Andalusia and Conecuh Railroad

Overview
- Headquarters: Gantt, Alabama
- Reporting mark: ACRC
- Locale: Southeast Alabama
- Dates of operation: 1983–1987
- Predecessor: Southern
- Successor: Alabama and Florida

Technical
- Track gauge: 4 ft 8 1⁄2 in (1,435 mm) (standard gauge)
- Length: 8.7 miles (14.0 km)

= Andalusia and Conecuh Railroad =

Railway line in Alabama, United States

The Andalusia and Conecuh Railroad was a shortline railroad formerly operating between Gantt and Andalusia, Alabama, United States 8.7 mi. It was largely abandoned in 1987, with the remainder leased to the Alabama and Florida Railway. A portion of the railroad survives today as part of the Three Notch Railroad.

==History==

Originally constructed by the Mobile and Girard Railroad (later Central of Georgia) from Columbus to Searight by 1891, the line was eventually realigned near Gantt to connect with the Louisville and Nashville Railroad at Andalusia, Alabama. The Central of Georgia became part of the Southern Railway in 1963, and the Southern Railway became part of the Norfolk Southern Railway in 1990.
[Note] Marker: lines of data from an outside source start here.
Fact psmulA : associative (@psmul R).
Proof.
move=> p q r; apply: funext => i; rewrite [in RHS]psmul_revE.
change (\sum_(j < i.+1) p j * psmul q r (i - j)%N
        = \sum_(j < i.+1) psmul p q (i - j)%N * r j).
pose coef3 j l := p j * (q (i - j - l)%N * r l).
transitivity (\sum_(j < i.+1) \sum_(l < i.+1 | (l <= i - j)%N) coef3 j l).
  apply: eq_bigr => /= j _; rewrite psmul_revE big_distrr /=.
  by rewrite (big_ord_narrow_leq (leq_subr _ _)).
rewrite (exchange_big_dep predT) //=; apply: eq_bigr => l _.
transitivity (\sum_(j < i.+1 | (j <= i - l)%N) coef3 j l).
  apply: eq_bigl => j; rewrite -ltnS -(ltnS j) -!subSn ?leq_ord //.
  by rewrite -subn_gt0 -(subn_gt0 j) -!subnDA addnC.
rewrite (big_ord_narrow_leq (leq_subr _ _)) [psmul p q _]/psmul big_distrl /=.
by apply: eq_bigr => j _; rewrite /coef3 -!subnDA addnC mulrA.
Qed.

Fact psmulC : commutative (@psmul R).
Proof.
move=> f g; apply: funext => n; rewrite psmul_revE /psmul.
by apply: eq_bigr => j _; rewrite mulrC.
Qed.

Fact psmul1 : left_id (ps1 R) (@psmul R).
Proof.
move=> f; apply: funext => n; rewrite /psmul big_ord_recl /= /ps1 /=.
by rewrite mul1r subn0 big1 ?addr0 // => i _; rewrite mul0r.
Qed.

Fact psmulDl : left_distributive (@psmul R) (+%R : fps -> fps -> fps).
Proof.
move=> f g h; apply: funext => n; rewrite /psmul.
change (\sum_(i < n.+1) (f i + g i) * h (n - i)%N
        = \sum_(i < n.+1) f i * h (n - i)%N + \sum_(i < n.+1) g i * h (n - i)%N).
by rewrite -big_split /=; apply: eq_bigr => i _; rewrite mulrDl.
Qed.
(* Let $n\ge1$ and let $I=(e_1,\dots,e_n)$ be the identity matrix (standard basis). Let $W\subset\mathcal{S}^2(\mathbb{R}^n)^n$ be the subspace of $(q_1,\dots,q_n)$ such that for all $i,j=1,\dots,n$: $q_j(e_j,e_j)=0$, $\langle e_i,q_j(e_i,e_i)\rangle+\langle e_j,q_i(e_j,e_j)\rangle=0$, and $\langle e_1,q_1(e_j,e_j)\rangle=0$. If $\ker L^\Psi_I\cap W=\{0\}$, then $\ker L^\Psi_I=\operatorname{Im}L^\Phi_I$.
   Context: $\mathcal{S}^r(\mathbb{R}^n)$ denotes symmetric $r$-linear maps $(\mathbb{R}^n)^r\to\mathbb{R}^n$; $\langle\cdot,\cdot\rangle$ is the Euclidean inner product. For $v\in\mathbb{R}^n$, $Q_v(\xi,\eta)=\langle\xi,\eta\rangle v-\langle\xi,v\rangle\eta-\langle\eta,v\rangle\xi$. For $Q\in\mathcal{S}^2(\mathbb{R}^n)$ and matrices $A,C$: $Q\circ(A,C)(\xi,\eta)=Q(A\xi,C\eta)$, $A\circ Q(\xi,\eta)=A(Q(\xi,\eta))$. For $Q,Q'\in\mathcal{S}^2(\mathbb{R}^n)$, $[Q,Q'](\xi,\eta,\theta)=\{Q(\xi,Q'(\eta,\theta))+Q(\eta,Q'(\theta,\xi))+Q(\theta,Q'(\xi,\eta))\}-\{Q'(\xi,Q(\eta,\theta))+Q'(\eta,Q(\theta,\xi))+Q'(\theta,Q(\xi,\eta))\}$. For $B=(v_1,\dots,v_n)\in\mathrm{GL}_n(\mathbb{R})$, $L^\Phi_B:M_n(\mathbb{R})^2\to\mathcal{S}^2(\mathbb{R}^n)^n$ is $L^\Phi_B(A',B'')=(A'\circ Q_{v_i}-Q_{v_i}\circ(A',I)-Q_{v_i}\circ(I,A')+Q_{\omega_i})_{1\le i\le n}$ where $B''=(\omega_1,\dots,\omega_n)$, and $L^\Psi_B(q_1,\dots,q_n)=([q_i,Q_{v_j}]-[q_j,Q_{v_i}])_{1\le i<j\le n}\in\mathcal{S}^3(\mathbb{R}^n)^{n(n-1)/2}$. Here $B=I$, so $v_i=e_i$. *)

From mathcomp Require Import all_boot all_order all_algebra.
From mathcomp Require Import reals.
Set Implicit Arguments. Unset Strict Implicit. Unset Printing Implicit Defensive.
Import Order.TTheory GRing.Theory Num.Theory.
Local Open Scope ring_scope.

Section Defs.
Variables (R : realType) (n : nat).

Definition vec := 'cV[R]_n.

Definition dotv (u v : vec) : R := \sum_(k < n) u k 0 * v k 0.

(* candidate elements of S^2(R^n): maps (R^n)^2 -> R^n *)
Definition map2 := vec -> vec -> vec.

Definition is_S2 (Q : map2) : Prop :=
  (forall x y, Q x y = Q y x) /\
  (forall (a : R) x y z, Q (a *: x + y) z = a *: Q x z + Q y z).

Definition Qv (v : vec) : map2 := fun xi eta =>
  dotv xi eta *: v - dotv xi v *: eta - dotv eta v *: xi.

Definition brk (Q Q' : map2) (xi eta th : vec) : vec :=
  (Q xi (Q' eta th) + Q eta (Q' th xi) + Q th (Q' xi eta))
  - (Q' xi (Q eta th) + Q' eta (Q th xi) + Q' th (Q xi eta)).

(* L^Phi_B(A',B'') : the i-th component, v_i = col i B, omega_i = col i B'' *)
Definition LPhi (B A' B'' : 'M[R]_n) (i : 'I_n) : map2 := fun xi eta =>
  A' *m Qv (col i B) xi eta - Qv (col i B) (A' *m xi) eta
  - Qv (col i B) xi (A' *m eta) + Qv (col i B'') xi eta.

Definition in_ker_LPsi (B : 'M[R]_n) (q : 'I_n -> map2) : Prop :=
  forall i j : 'I_n, (i < j)%N -> forall xi eta th : vec,
    brk (q i) (Qv (col j B)) xi eta th - brk (q j) (Qv (col i B)) xi eta th = 0.

Definition in_im_LPhi (B : 'M[R]_n) (q : 'I_n -> map2) : Prop :=
  exists A' B'' : 'M[R]_n, forall (i : 'I_n) (xi eta : vec),
    q i xi eta = LPhi B A' B'' i xi eta.

Definition ev (i : 'I_n) : vec := col i 1%:M.

End Defs.

(* the subspace W (dimension n.+1 >= 1, so that e_1 = ev ord0 exists) *)
Definition in_W (R : realType) (n : nat) (q : 'I_n.+1 -> map2 R n.+1) : Prop :=
  forall i j : 'I_n.+1,
    q j (ev R j) (ev R j) = 0 /\
    dotv (ev R i) (q j (ev R i) (ev R i)) + dotv (ev R j) (q i (ev R j) (ev R j)) = 0 /\
    dotv (ev R ord0) (q ord0 (ev R j) (ev R j)) = 0.

(** The image of [LPhi] lies in the kernel of [LPsi]: the bracket of two maps
    [Qv v], [Qv w] vanishes identically, and the bracket obeys a Leibniz rule
    for the action [mx_act A] of a matrix on bilinear maps, which carries
    [[Qv v_i, Qv v_j] = 0] to [[mx_act A (Qv v_i), Qv v_j] = [mx_act A (Qv v_j), Qv v_i]].
    Conversely, for [q] in the kernel the linear conditions defining [W] can be
    solved for [A] and [B''] so that [q - LPhi A B''] lies in [W]; it is still
    in the kernel, hence vanishes by hypothesis. *)
From mathcomp Require Import all_boot all_order all_algebra.
From mathcomp Require Import reals.
From mathcomp Require Import ring lra.
Import Order.TTheory GRing.Theory Num.Theory.
Local Open Scope ring_scope.
Set Implicit Arguments. Unset Strict Implicit. Unset Printing Implicit Defensive.

Section Brackets.
Variables (R : realType) (n : nat).
Implicit Types (x y z u v w : 'cV[R]_n) (A B : 'M[R]_n) (Q : map2 R n)
  (q : 'I_n -> map2 R n).

Lemma dotvC x y : dotv x y = dotv y x.
Proof. by apply: eq_bigr => k _; rewrite mulrC. Qed.

Lemma dotvDl x y z : dotv (x + y) z = dotv x z + dotv y z.
Proof. by rewrite /dotv -big_split; apply: eq_bigr => k _; rewrite !mxE mulrDl. Qed.

Lemma dotvZl (a : R) x z : dotv (a *: x) z = a * dotv x z.
Proof. by rewrite /dotv mulr_sumr; apply: eq_bigr => k _; rewrite !mxE mulrA. Qed.

Lemma dotvNl x z : dotv (- x) z = - dotv x z.
Proof. by rewrite -scaleN1r dotvZl mulN1r. Qed.

Lemma dotvBl x y z : dotv (x - y) z = dotv x z - dotv y z.
Proof. by rewrite dotvDl dotvNl. Qed.

Lemma dotvDr x y z : dotv z (x + y) = dotv z x + dotv z y.
Proof. by rewrite !(dotvC z) dotvDl. Qed.

Lemma dotvZr (a : R) x z : dotv z (a *: x) = a * dotv z x.
Proof. by rewrite !(dotvC z) dotvZl. Qed.

Lemma dotvNr x z : dotv z (- x) = - dotv z x.
Proof. by rewrite !(dotvC z) dotvNl. Qed.

Lemma dotvBr x y z : dotv z (x - y) = dotv z x - dotv z y.
Proof. by rewrite !(dotvC z) dotvBl. Qed.

Definition additive2 Q :=
  (forall x y z, Q x (y + z) = Q x y + Q x z) /\ (forall x y, Q x (- y) = - Q x y).

Lemma Qv_additive2 v : additive2 (Qv v).
Proof.
by split=> *; rewrite /Qv !(dotvDl, dotvDr, dotvNl, dotvNr);
  apply/matrixP => k l; rewrite !mxE; ring.
Qed.

Lemma QvC v x y : Qv v x y = Qv v y x.
Proof. by rewrite /Qv (dotvC x y); apply/matrixP => k l; rewrite !mxE; ring. Qed.

Lemma brk_Qv v w x y z : brk (Qv v) (Qv w) x y z = 0.
Proof.
rewrite /brk /Qv !(dotvDl, dotvDr, dotvBl, dotvBr, dotvZl, dotvZr, dotvNl, dotvNr).
(* put every inner product in one orientation so that [ring] sees the cancellations *)
rewrite ?[dotv w v]dotvC ?[dotv x v]dotvC ?[dotv y v]dotvC ?[dotv z v]dotvC.
rewrite ?[dotv x w]dotvC ?[dotv y w]dotvC ?[dotv z w]dotvC.
rewrite ?[dotv y x]dotvC ?[dotv z x]dotvC ?[dotv z y]dotvC.
by apply/matrixP => k l; rewrite !mxE; ring.
Qed.

Lemma brk_ext Q1 Q2 : (forall a b, Q1 a b = Q2 a b) ->
  forall Q' x y z, brk Q1 Q' x y z = brk Q2 Q' x y z.
Proof. by move=> eqQ Q' x y z; rewrite /brk !eqQ. Qed.

Lemma brkC Q Q' x y z : brk Q Q' x y z = - brk Q' Q x y z.
Proof. by rewrite /brk opprB. Qed.

Lemma brkDl Q1 Q2 Q' x y z : additive2 Q' ->
  brk (fun a b => Q1 a b + Q2 a b) Q' x y z = brk Q1 Q' x y z + brk Q2 Q' x y z.
Proof.
by move=> [Q'D _]; rewrite /brk !Q'D; apply/matrixP => k l; rewrite !mxE; ring.
Qed.

Lemma brkBl Q1 Q2 Q' x y z : additive2 Q' ->
  brk (fun a b => Q1 a b - Q2 a b) Q' x y z = brk Q1 Q' x y z - brk Q2 Q' x y z.
Proof.
by move=> [Q'D Q'N]; rewrite /brk !Q'D !Q'N; apply/matrixP => k l; rewrite !mxE; ring.
Qed.

Definition mx_act A Q : map2 R n := fun x y => A *m Q x y - Q (A *m x) y - Q x (A *m y).

Lemma brk_mx_act A Q Q' x y z : additive2 Q -> additive2 Q' ->
  brk (mx_act A Q) Q' x y z + brk Q (mx_act A Q') x y z =
  mx_act A (fun a b => brk Q Q' a b z) x y - brk Q Q' x y (A *m z).
Proof.
move=> [QD QN] [Q'D Q'N].
rewrite /brk /mx_act !(QD, QN, Q'D, Q'N) !(mulmxDr, mulmxN).
by apply/matrixP => k l; rewrite !mxE; ring.
Qed.

Lemma LPhiE B A B'' i x y :
  LPhi B A B'' i x y = mx_act A (Qv (col i B)) x y + Qv (col i B'') x y.
Proof. by []. Qed.

Lemma LPhi_S2 B A B'' i : is_S2 (LPhi B A B'' i).
Proof.
split=> [x y | a x y z].
  rewrite /LPhi !(QvC _ x y) (QvC _ (A *m x)) (QvC _ x (A *m y)).
  by rewrite -!addrA (addrCA (- _)).
rewrite /LPhi /Qv !mulmxDr !mulmxN -!scalemxAr.
rewrite !(dotvDl, dotvDr, dotvBl, dotvBr, dotvZl, dotvZr, dotvNl, dotvNr).
rewrite ?mulmxDr ?mulmxN -?scalemxAr.
by apply/matrixP => k l; rewrite !mxE; ring.
Qed.

Lemma is_S2B Q1 Q2 : is_S2 Q1 -> is_S2 Q2 -> is_S2 (fun x y => Q1 x y - Q2 x y).
Proof.
move=> [C1 L1] [C2 L2]; split=> *; first by rewrite C1 C2.
by rewrite L1 L2 scalerBr opprD addrACA.
Qed.

Lemma LPhi_in_ker B A B'' : in_ker_LPsi B (LPhi B A B'').
Proof.
move=> i j _ x y z.
have brk_LPhi k l : brk (LPhi B A B'' k) (Qv (col l B)) x y z =
    brk (mx_act A (Qv (col k B))) (Qv (col l B)) x y z.
  by rewrite (brk_ext (LPhiE B A B'' k)) brkDl ?brk_Qv ?addr0 //; apply: Qv_additive2.
rewrite !brk_LPhi (brkC (mx_act A (Qv (col j B)))) opprK.
rewrite brk_mx_act; try exact: Qv_additive2.
by rewrite /mx_act !brk_Qv mulmx0 !subr0.
Qed.

Lemma in_im_LPhi_ker B q : in_im_LPhi B q -> in_ker_LPsi B q.
Proof.
move=> [A [B'' eqq]] i j ij x y z.
by rewrite !(brk_ext (eqq _)); apply: LPhi_in_ker.
Qed.

Lemma in_ker_LPsiB B q1 q2 : in_ker_LPsi B q1 -> in_ker_LPsi B q2 ->
  in_ker_LPsi B (fun i x y => q1 i x y - q2 i x y).
Proof.
move=> ker1 ker2 i j ij x y z.
rewrite !brkBl; try exact: Qv_additive2.
move/subr0_eq: (ker1 i j ij x y z) => ->; move/subr0_eq: (ker2 i j ij x y z) => ->.
exact: subrr.
Qed.

Lemma dotv_evl a x : dotv (ev R a) x = x a 0.
Proof.
rewrite /dotv (bigD1 a) //= big1 => [|k ne]; first by rewrite !mxE eqxx mul1r addr0.
by rewrite !mxE (negbTE ne) mul0r.
Qed.

Lemma dotv_evr a x : dotv x (ev R a) = x a 0.
Proof. by rewrite dotvC dotv_evl. Qed.

Lemma sum_mul_ev A k m : \sum_j A m j * ev R k j 0 = A m k.
Proof.
rewrite (bigD1 k) //= big1 => [|j ne]; first by rewrite !mxE eqxx mulr1 addr0.
by rewrite !mxE (negbTE ne) mulr0.
Qed.

Lemma colv_entryB u v m : (u - v) m 0 = u m 0 - v m 0.
Proof. by rewrite !mxE. Qed.

Lemma LPhi_ev A B'' i k m :
  LPhi 1%:M A B'' i (ev R k) (ev R k) m 0 =
  A m i - 2 * A k k * (m == i)%:R + 2 * A i k * (m == k)%:R
  + B'' m i - 2 * B'' k i * (m == k)%:R.
Proof.
rewrite /LPhi /Qv -/(ev R i) !mulmxDr !mulmxN -!scalemxAr.
by rewrite !(dotv_evl, dotv_evr) !mxE !sum_mul_ev eqxx /=; ring.
Qed.

End Brackets.

Section Normalization.
Variables (R : realType) (n : nat) (q : 'I_n.+1 -> map2 R n.+1).

Let qc (k j m : 'I_n.+1) : R := q j (ev R k) (ev R k) m 0.

(* [B] is forced by the first condition of [W], the off-diagonal part of [A] by
   the second, and the diagonal of [A] by the third, which leaves [A_00] free. *)
Definition W_normalizer_mxA : 'M[R]_n.+1 := \matrix_(m, j)
  if m == j then (if j == ord0 then 0 else - (qc ord0 ord0 ord0 + qc j ord0 ord0) / 2)
  else (qc m j m + qc j m j + qc j j m + qc m m j) / 8.

Definition W_normalizer_mxB : 'M[R]_n.+1 := \matrix_(m, j)
  if m == j then W_normalizer_mxA j j - qc j j j else qc j j m - W_normalizer_mxA m j.

Lemma sub_LPhi_W_normalizer_in_W :
  in_W (fun i x y => q i x y - LPhi 1%:M W_normalizer_mxA W_normalizer_mxB i x y).
Proof.
move=> i j; rewrite !dotv_evl; split; [|split].
- apply/matrixP => m l; rewrite (ord1 l) colv_entryB LPhi_ev !mxE /qc.
  by have [->|_] := eqVneq m j; rewrite ?eqxx /=; lra.
- rewrite !colv_entryB !LPhi_ev !mxE /qc.
  by have [->|_] := eqVneq i j; rewrite ?eqxx /=; lra.
- rewrite colv_entryB LPhi_ev !mxE /qc.
  by have [->|_] := eqVneq j ord0; rewrite ?eqxx /=; lra.
Qed.

End Normalization.

Theorem lemma2p13 (R : realType) (n : nat) :
  (forall q : 'I_n.+1 -> map2 R n.+1,
     (forall i, is_S2 (q i)) -> in_ker_LPsi 1%:M q -> in_W q ->
     forall i xi eta, q i xi eta = 0) ->
  forall q : 'I_n.+1 -> map2 R n.+1,
    (forall i, is_S2 (q i)) ->
    (in_ker_LPsi 1%:M q <-> in_im_LPhi 1%:M q).
Proof.
move=> ker_W_trivial q q_S2; split; last exact: in_im_LPhi_ker.
move=> q_ker; set A := W_normalizer_mxA q; set B := W_normalizer_mxB q.
exists A, B => i x y; apply/eqP; rewrite -subr_eq0; apply/eqP.
apply: ker_W_trivial (sub_LPhi_W_normalizer_in_W q) i x y.
- by move=> k; apply: is_S2B; [apply: q_S2 | apply: LPhi_S2].
- by apply: in_ker_LPsiB => //; apply: LPhi_in_ker.
Qed.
Much of the former Mobile and Girard route was abandoned or sold throughout the 1980s, with the segment between Goshen and Gantt being abandoned on September 13, 1982. The Andalusia & Conecuh railroad began operations in June 1983 and was owned by the Alabama Electric Cooperative. Traffic consisted of inbound coal for the power plant at Gantt as well as plastics and chemicals for a carpet mill near Andalusia. Interchange was made with the Seaboard System (later CSX) at Andalusia. The railroad rostered a single GE 80t locomotive.

The railroad was mostly abandoned on December 4, 1987, with approximately 2 mi still in place near Andalusia operated by the Alabama & Florida railway. In 2001 the Three Notch Railroad took control of the lease on the A&C railroad and began operating the line.